How to show that $\lambda(D)=\infty$?

Question

I have a bit trouble showing that $\lambda(D)=\infty$.
I have been giving the following problem:
Given $D=\{(x,y)\in \mathbb{R}^2 | 0<x=y<1\}$ and $\mathcal{N}=\{N \in \mathcal{B} | m_I(N)=0\}$ (where $m_I$ is the Lebesgue measure on $(\mathbb{R}, \mathcal{B})$ restricted on the interval $(0,1)$) - and the measure $\lambda:\mathcal{B}\otimes \mathcal{B} \to [0,\infty]$, where $$\lambda(G)= \begin{cases} 0 & \text{ if }\, \exists N_1,N_2 \in \mathcal{N}, B_1,B_2 \in \mathcal{B}, \text{ then } G \subseteq (B_1 \times N_1) \cup (N_2 \times B_2) \\ \infty & \text{ or else }\\ \end{cases} $$ Show that $\lambda(D)=\infty$.
I get that I might have to show it by contradiction, but I have only gotten so far:
Assume by contradiction, that $\lambda(D)\neq \infty \Longrightarrow \lambda(D)=0$, then $\exists N_1, N_2 \in \mathcal{N}$ and $B_1,B_2 \in \mathcal{B}$, where $D\subseteq (B_1 \times N_1) \cup (N_2 \times B_2)$.
For $D\subseteq (N_2\times B_2)$, I have that for $N_2\in \mathcal{N}$ it applies that $m_I(N_2)=0$.

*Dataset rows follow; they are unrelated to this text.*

Lemma local_comb_compl_prod (x : X) (I : Type) (r : seq I) (P : pred I) (F : I -> B) :
  (forall i, P i -> local_comb x (1 + F i)) ->
  local_comb x (1 + \prod_(i <- r | P i) F i).
Proof.
move=> hF; apply: (big_ind (fun t => local_comb x (1 + t))) => //.
- by rewrite addbb; exact: local_comb0.
- by move=> e f he hf; rewrite -bjoin_compl2; exact: local_comb_join.
Qed.

Lemma local_comb_partition (x : X) (m : nat) (b : 'I_m -> B) :
  disjoint_partition b -> (forall k, local_comb x (b k)) -> local_comb x 1.
Proof.
move=> hb hloc; rewrite -[1]addr0 -(partition_compl_prod hb).
by apply: local_comb_compl_prod => k _; rewrite compl_compl.
Qed.

Lemma cc_of_local_comb (S : X -> Prop) (x : X) :
  (forall j, S (w j)) -> local_comb x 1 -> bm_cc_of d S x.
Proof. by move=> hS [e [he [hsum hcc]]]; exists p, w, e. Qed.

End LocalCombination.

Lemma finite_set_filter (k : nat) (f : 'I_k -> X) (P : X -> Prop) :
  finite_set (fun u => P u /\ exists i, f i = u).
Proof.
pose A := [pred i : 'I_k | `[< P (f i) >]].
exists #|A|, (fun m => f (enum_val m)) => u; split.
- move=> [hP [i fi]]; have Ai : i \in A by apply/asboolP; rewrite fi.
  by exists (enum_rank_in Ai i); rewrite enum_rankK_in.
- move=> [m <-]; split; last by exists (enum_val m).
  by have /asboolP := enum_valP m.
Qed.

Variable o : X.
Hypothesis hconv : convex_space d.

Lemma smul_exists (a : B) (x : X) : exists z, is_smul d o a x z.
Proof.
pose ys : 'I_2 -> X := fun k => if val k == 0%N then x else o.
pose b : 'I_2 -> B := fun k => if val k == 0%N then a else 1 + a.
have hb : disjoint_partition b.
  split; last by rewrite big_ord_recl big_ord1 /= addrCA addbb addr0.
  move=> [[|[|i]] hi] [[|[|j]] hj] //= ij; try by case: ij; apply: val_inj.
  - by rewrite mulrC compl_mulK.
  - by rewrite compl_mulK.
have [z hz] := hconv ys hb.
by exists z; split; [exact: (hz ord0) | exact: (hz ord_max)].
Qed.

Lemma smul_dist (a : B) (x z w : X) :
  is_smul d o a x z -> d z w = a * d x w + (1 + a) * d o w.
Proof.
move=> [hx ho]; rewrite {1}(split_compl a (d z w)).
by rewrite (coincide_dist _ hx) (coincide_dist _ ho).
Qed.

Lemma smul_norm (a : B) (x z : X) : is_smul d o a x z -> d o z = a * d o x.
Proof. by move=> hz; rewrite dsym (smul_dist _ hz) dxx mulr0 addr0 dsym. Qed.

Section Extension.
Variables (n s : nat) (x : 'I_n -> X).
Hypothesis horth : bm_orthogonal d o (fun u => exists i : 'I_n, (i < s)%N /\ x i = u).
Hypothesis hspan : forall y, bm_cc_of d (fun u => u = o \/ exists i, x i = u) y.

(* a_i = |x_i| * prod_(j < i) d(x_i, x_j): the part where x_i is nonzero and
   differs from all earlier generators. *)
Definition ext_coef (i : 'I_n) : B :=
  d o (x i) * \prod_(j < n | (j < i)%N) d (x i) (x j).

Definition ext (i : 'I_n) : X :=
  if (i < s)%N then x i else proj1_sig (cid (smul_exists (ext_coef i) (x i))).

Lemma ext_head (i : 'I_n) : (i < s)%N -> ext i = x i.
Proof. by rewrite /ext => ->. Qed.

Lemma ext_tail (i : 'I_n) : (s <= i)%N -> is_smul d o (ext_coef i) (x i) (ext i).
Proof. by rewrite /ext leqNgt => /negbTE ->; exact: proj2_sig (cid _). Qed.

Lemma ext_coef_norm (i : 'I_n) : ext_coef i * d o (x i) = ext_coef i.
Proof. by rewrite /ext_coef mulrAC hB. Qed.

Lemma ext_coef_dist (i j : 'I_n) : (j < i)%N -> ext_coef i * d (x i) (x j) = ext_coef i.
Proof.
move=> ji; rewrite /ext_coef (bigD1 j) //=.
by rewrite -mulrA [_ * d (x i) (x j)]mulrAC (hB (d (x i) (x j))).
Qed.

Lemma ext_coef_dist_ext (i j : 'I_n) :
  (j < i)%N -> ext_coef i * d (x i) (ext j) = ext_coef i.
Proof.
move=> ji; case: (ltnP j s) => js; first by rewrite ext_head // ext_coef_dist.
rewrite dsym (smul_dist _ (ext_tail js)) mulrDr.
rewrite [ext_coef i * (_ * d (x j) _)]mulrCA [ext_coef i * (_ * d o _)]mulrCA.
by rewrite (dsym (x j)) ext_coef_dist // ext_coef_norm -split_compl.
Qed.

Lemma ext_perp_earlier (i j : 'I_n) :
  (s <= i)%N -> (j < i)%N -> bperp d o (ext i) (ext j).
Proof.
move=> si ji; have hz := ext_tail si.
rewrite /bperp /bnorm (smul_dist _ hz) (smul_norm hz) ext_coef_norm.
by rewrite ext_coef_dist_ext // /bjoin; ring.
Qed.

Lemma ext_perp (i j : 'I_n) : ext i <> ext j -> bperp d o (ext i) (ext j).
Proof.
wlog ji : i j / (j < i)%N.
  move=> hwlog uv; case: (ltngtP i j) => [ij|ji|/val_inj ij]; last by case: uv; rewrite ij.
  - by apply/bperp_sym/hwlog => // vu; apply: uv; rewrite vu.
  - exact: hwlog.
move=> uv; case: (ltnP i s) => is_; last exact: ext_perp_earlier.
have js := ltn_trans ji is_.
case: horth => _ [_ perp]; move: uv; rewrite !ext_head //.
by apply: perp; [exists i | exists j].
Qed.

Definition ext0 (j : 'I_n.+1) : X :=
  if unlift ord_max j is Some i then ext i else o.

Lemma ext0_lift (i : 'I_n) : ext0 (lift ord_max i) = ext i.
Proof. by rewrite /ext0 liftK. Qed.

Lemma ext0_max : ext0 ord_max = o.
Proof. by rewrite /ext0 unlift_none. Qed.

(* Every generator is a convex combination of the extension and 0: on a_i it
   is a_i x_i, off |x_i| it is 0, and off d(x_i, x_j) it is an earlier x_j. *)
Lemma gen_local_comb (k : nat) (i : 'I_n) : (i < k)%N -> local_comb ext0 (x i) 1.
Proof.
elim: k i => [//|k IH] i ik.
case: (ltnP i s) => is_; first by rewrite -ext_head // -ext0_lift; exact: local_comb_point.
have hx := proj1 (ext_tail is_).
have on_coef : local_comb ext0 (x i) (ext_coef i).
  rewrite -[ext_coef i]mulr1; apply: (local_comb_restrict (y := ext i)).
    by rewrite -ext0_lift; exact: local_comb_point.
  by rewrite dsym hx.
have off_coef : local_comb ext0 (x i) (1 + ext_coef i).
  rewrite /ext_coef -bjoin_compl2; apply: local_comb_join.
    rewrite -[1 + _]mulr1; apply: (local_comb_restrict (y := o)).
      by rewrite -ext0_max; exact: local_comb_point.
    by rewrite dsym compl_mulK.
  apply: local_comb_compl_prod => j ji.
  rewrite -[1 + _]mulr1; apply: (local_comb_restrict (y := x j)).
    by apply: IH; exact: leq_trans ji ik.
  exact: compl_mulK.
by rewrite -(bjoin_compl (ext_coef i)); exact: local_comb_join.
Qed.

Lemma ext_spans (y : X) :
  bm_cc_of d (fun u => (u <> o /\ exists i, ext i = u) \/ u = o) y.
Proof.
apply: (cc_of_local_comb (w := ext0)).
  move=> j; rewrite /ext0; case: unlift => [i|]; last by right.
  by case: (pselect (ext i = o)) => h; [right | left; split => //; exists i].
have [m [ys [b [hb [hys hcc]]]]] := hspan y.
apply: (local_comb_partition hb) => k.
rewrite -[b k]mulr1; apply: (local_comb_restrict (y := ys k)); last exact: hcc.
case: (hys k) => [->|[i <-]]; last exact: (gen_local_comb (ltnSn i)).
by rewrite -ext0_max; exact: local_comb_point.
Qed.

Can somebody give me a hint, on how to get moving? I assume that for $D \subseteq (B_1 \times N_1)$, it follows analogously. Thank you.

Answer 1

Assume that $D \subseteq (B_1 \times N_1) \cup (N_2 \times B_2)$. We want to find a contradiction.

Note that you can write the elements of $D$ in this way $$D= \{ (t,t) : t \in (0,1) \}$$

Define $$I_1 = \{ t \in (0,1) : (t,t) \in (B_1 \times N_1) \}$$ and analogously $$I_2 = \{ t \in (0,1) : (t,t) \in (N_2 \times B_2) \}$$ By our assumption you have that $(0,1) \subseteq I_1 \cup I_2$.

On the other hand, if you look carefully at the definition of $I_1$ and $I_2$ you can see that $$I_1 \subseteq N_1 \qquad I_2 \subseteq N_2$$ To show this, let $t \in I_1$. Then $(t,t) \in B_1 \times N_1$. This means that $t \in B_1$ and $t \in N_1$. In particular this implies $t \in N_1$. By arbitrarity of $t \in I_1$, we have $I_1 \subseteq N_1$ (actually we can say more: $I_1 = B_1 \cap N_1$). The proof of $I_2 \subseteq N_2$ is similar.

Hence $$(0,1) \subseteq N_1 \cup N_2$$ This contradicts monotonicity of the Lebesgue measure, since $N_1 \cup N_2$ has measure zero.